▸ Exercise description: The result should be every line of the listing that holds the word "divide".

=== Begin Enclosure ===

(* Let $m\ge1$ and $0\le r\le m(q-1)$, written $r=t(q-1)+s$ with $t\ge0$, $0\le s<q-1$, and let $1\le b\le q^m$. Then $RM_q(r,m)$ is a $b$-symbol MDS code if and only if either (a) $b\ge q^m-(q-s)q^{m-t-1}+1$, or (b) $RM_q(r,m)$ is a $1$-symbol MDS code (i.e., MDS in the Hamming metric).
   Context: Fix an enumeration $\mathbb{F}_q=\{\alpha_1=0,\alpha_2,\dots,\alpha_q\}$, order $\mathbb{F}_q$ by $\alpha_1<\dots<\alpha_q$, and order $\mathbb{F}_q^m$ lexicographically as $P_1<\dots<P_{q^m}$. $RM_q(r,m)=\{(f(P_1),\dots,f(P_{q^m})) : f\in\mathbb{F}_q[X_1,\dots,X_m],\ \deg f\le r\}$. For $\mathbf{x}\in\mathbb{F}_q^L$, $\chi_b(\mathbf{x})=\{i:(x_i,\dots,x_{i+b-1})\ne\mathbf{0}\}$ (indices mod $L$), $w_b(\mathbf{x})=|\chi_b(\mathbf{x})|$, $d_b(C)=\min_{\mathbf{0}\ne\mathbf{c}\in C}w_b(\mathbf{c})$. An $[n,k]_q$-linear code $C$ is a $b$-symbol MDS code if $d_b(C)=\min\{n-k+b,n\}$. *)

From HB Require Import structures.
From mathcomp Require Import all_boot all_order all_algebra all_field.
From mathcomp Require Import mpoly.
From Stdlib Require Import ClassicalEpsilon.

Set Implicit Arguments.
Unset Strict Implicit.
Unset Printing Implicit Defensive.

Import GRing.Theory.
Local Open Scope ring_scope.

Definition pbool (P : Prop) : bool :=
  if excluded_middle_informative P then true else false.

Section Defs.
Variable F : finFieldType.

Lemma card_F_gt0 : (0 < #|F|)%N.
Proof. by apply/card_gt0P; exists 0. Qed.

Definition digit (m j : nat) (l : 'I_m) : 'I_#|F| :=
  Ordinal (ltn_pmod (j %/ #|F| ^ (m - 1 - l)) card_F_gt0).

(* alpha : enumeration of F_q, alpha_(i+1) = alpha i (0-indexed).
   The 0-indexed point P_(j+1) of F_q^m in lexicographic order. *)
Definition RMpoint (alpha : 'I_#|F| -> F) (m j : nat) : 'I_m -> F :=
  fun l => alpha (@digit m j l).

Definition evalvec (alpha : 'I_#|F| -> F) (m : nat) (p : {mpoly F[m]})
  : 'rV[F]_(#|F| ^ m) :=
  \row_(j < #|F| ^ m) p.@[@RMpoint alpha m j].

(* c is a codeword of RM_q(r,m): c = evalvec f with deg f <= r
   (msize p = 1 + total degree, 0 for p = 0). *)
Definition inRM (alpha : 'I_#|F| -> F) (r m : nat) (c : 'rV[F]_(#|F| ^ m)) : Prop :=
  exists p : {mpoly F[m]}, (msize p <= r.+1)%N /\ c = @evalvec alpha m p.

Definition RM (alpha : 'I_#|F| -> F) (r m : nat) : {set 'rV[F]_(#|F| ^ m)} :=
  [set c | pbool (@inRM alpha r m c)].

(* b-symbol support: i such that (x_i, ..., x_{i+b-1}) (indices mod n) is nonzero,
   i.e. some j with (j - i) mod n < b and x_j != 0. *)
Definition chi_b (n b : nat) (x : 'rV[F]_n) : {set 'I_n} :=
  [set i : 'I_n | [exists j : 'I_n, (((j + n - i) %% n < b)%N) && (x 0 j != 0)]].

Definition w_b (n b : nat) (x : 'rV[F]_n) : nat := #|chi_b b x|.
(* Let $p$ be an odd prime. The functor $U$ from $\mathbb{Z}_{(p)}$-modules to discrete $A$-modules, $UL=\mathrm{Hom}^{\mathrm{cts}}_{\mathbb{Z}_{(p)}}(A,L)$, is exact and preserves direct sums and direct limits.
   Context: $A$ is the ring of degree zero stable operations in $p$-local complex $K$-theory. Fix $q$ primitive mod $p^2$, $\Psi^q\in A$ the Adams operation, $q_i=q^{(-1)^i\lfloor i/2\rfloor}$, $\Theta_n(X)=\prod_{i=1}^n(X-q_i)$, $\Phi_n=\Theta_n(\Psi^q)$; every element of $A$ is uniquely a convergent sum $\sum_{n\ge0}a_n\Phi_n$ with $a_n\in\mathbb{Z}_{(p)}$, and $A_m=\{\sum_{n\ge m}a_n\Phi_n\}$. An $A$-module $M$ is discrete if each $x\in M$ satisfies $A_nx=0$ for some $n$. $\mathrm{Hom}^{\mathrm{cts}}_{\mathbb{Z}_{(p)}}(A,L)$ is the set of $\mathbb{Z}_{(p)}$-homomorphisms $A\to L$ whose kernel contains some $A_n$, an $A$-module via $(af)(t)=f(ta)$. *)

From HB Require Import structures.
From mathcomp Require Import all_boot all_order all_algebra ring.
Set Implicit Arguments. Unset Strict Implicit. Unset Printing Implicit Defensive.
Import Order.TTheory GRing.Theory Num.Theory.
Local Open Scope ring_scope.

(* The p-local integers Z_(p) = { x in Q | p does not divide denq x }  *)
(* (for p prime, "coprime p den" is the same as "p does not divide").  *)

Definition zloc_pred (p : nat) : {pred rat} := fun x => coprime p `|denq x|.

Lemma denq_dvd_int (x : rat) (d : int) :
  (x * d%:~R) \is a Num.int -> (denq x %| d)%Z.
Proof.
move=> /intrP [k Hk].
have E : (numq x * d)%:~R = (k * denq x)%:~R :> rat.
  by rewrite !intrM numqE -Hk mulrAC.
have E' : numq x * d = k * denq x by apply: (@intr_inj rat).
have : (denq x %| numq x * d)%Z by rewrite E' dvdz_mull.
rewrite Gauss_dvdzr // coprimez_sym; exact: coprime_num_den.
Qed.

Lemma zloc_den_mul p (x : rat) (d : int) :
  (x * d%:~R) \is a Num.int -> coprime p `|d| -> coprime p `|denq x|.
Proof.
move=> Hx Hd; have := denq_dvd_int Hx => Hdv.
exact: (coprimez_dvdr (p := p%:Z) Hdv).
Qed.
(* For the anonymous MIS algorithm described in the context, under the adversarial distributed daemon and from any initial configuration, the execution reaches a stable configuration (one in which no rule is enabled on any node) with probability $1$, whatever the strategy of the daemon.
   Context: $G=(V,E)$ is a finite simple undirected graph; $N(u)$ is the open neighbourhood of $u$. Nodes are anonymous. A configuration assigns to each node $u$ a value $s_u\in\{\bot,\top\}$. A rule ''guard $\to$ command'' is enabled on $u$ in $\gamma$ if its guard holds there. A transition $\gamma\xrightarrow{t}\gamma'$ is given by a nonempty set $t$ of moves $(u,r)$ with $r$ enabled on $u$ in $\gamma$, at most one per node, all executed simultaneously from the values in $\gamma$ with independent random choices; other nodes keep their values. An execution is a sequence of consecutive transitions, stopping only at a stable configuration. The adversarial distributed daemon may choose, at each step and depending on the whole past, any valid nonempty set $t$ (no fairness constraint). The algorithm has the rules: (Candidacy) $s_u=\bot\wedge\forall v\in N(u),\ s_v=\bot\ \to\ s_u:=\top$. (Withdrawal?) $s_u=\top\wedge\exists v\in N(u),\ s_v=\top\ \to$ with probability $\frac12$ (independently) set $s_u:=\bot$, otherwise leave it unchanged. *)

From HB Require Import structures.
From mathcomp Require Import all_boot all_order all_algebra.
From mathcomp Require Import all_classical all_reals all_analysis.
Set Implicit Arguments. Unset Strict Implicit. Unset Printing Implicit Defensive.
Import Order.TTheory GRing.Theory Num.Theory.
Local Open Scope ring_scope.

(* A configuration assigns to each node a value; true = ⊤, false = ⊥. *)
Definition config (T : finType) := {ffun T -> bool}.

Section MIS.
Variables (T : finType) (e : rel T).

Definition cand_enabled (s : config T) (u : T) : bool :=
  ~~ s u && [forall v, e u v ==> ~~ s v].

Definition withd_enabled (s : config T) (u : T) : bool :=
  s u && [exists v, e u v && s v].

Definition enabled (s : config T) (u : T) : bool :=
  cand_enabled s u || withd_enabled s u.

Definition enabled_set (s : config T) : {set T} := [set u | enabled s u].

Definition stable (s : config T) : bool := [forall u, ~~ enabled s u].

(* A (deterministic, history-dependent) daemon strategy: given the whole
   past execution (the nonempty sequence of configurations so far, the last
   one being the current configuration), it chooses the set of activated
   nodes.  At most one rule is enabled on a node, so a set of moves is the
   same as a set of (enabled) nodes. *)
Definition daemon := seq (config T) -> {set T}.

Definition valid_daemon (d : daemon) : Prop :=
  forall (s0 : config T) (h : seq (config T)),
    ~~ stable (last s0 h) ->
    d (s0 :: h) != finset.set0 /\ d (s0 :: h) \subset enabled_set (last s0 h).

Variable R : realType.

=== End Enclosure ===

▸ Your solution:
(* The p-local integers Z_(p) = { x in Q | p does not divide denq x }  *)
(* (for p prime, "coprime p den" is the same as "p does not divide").  *)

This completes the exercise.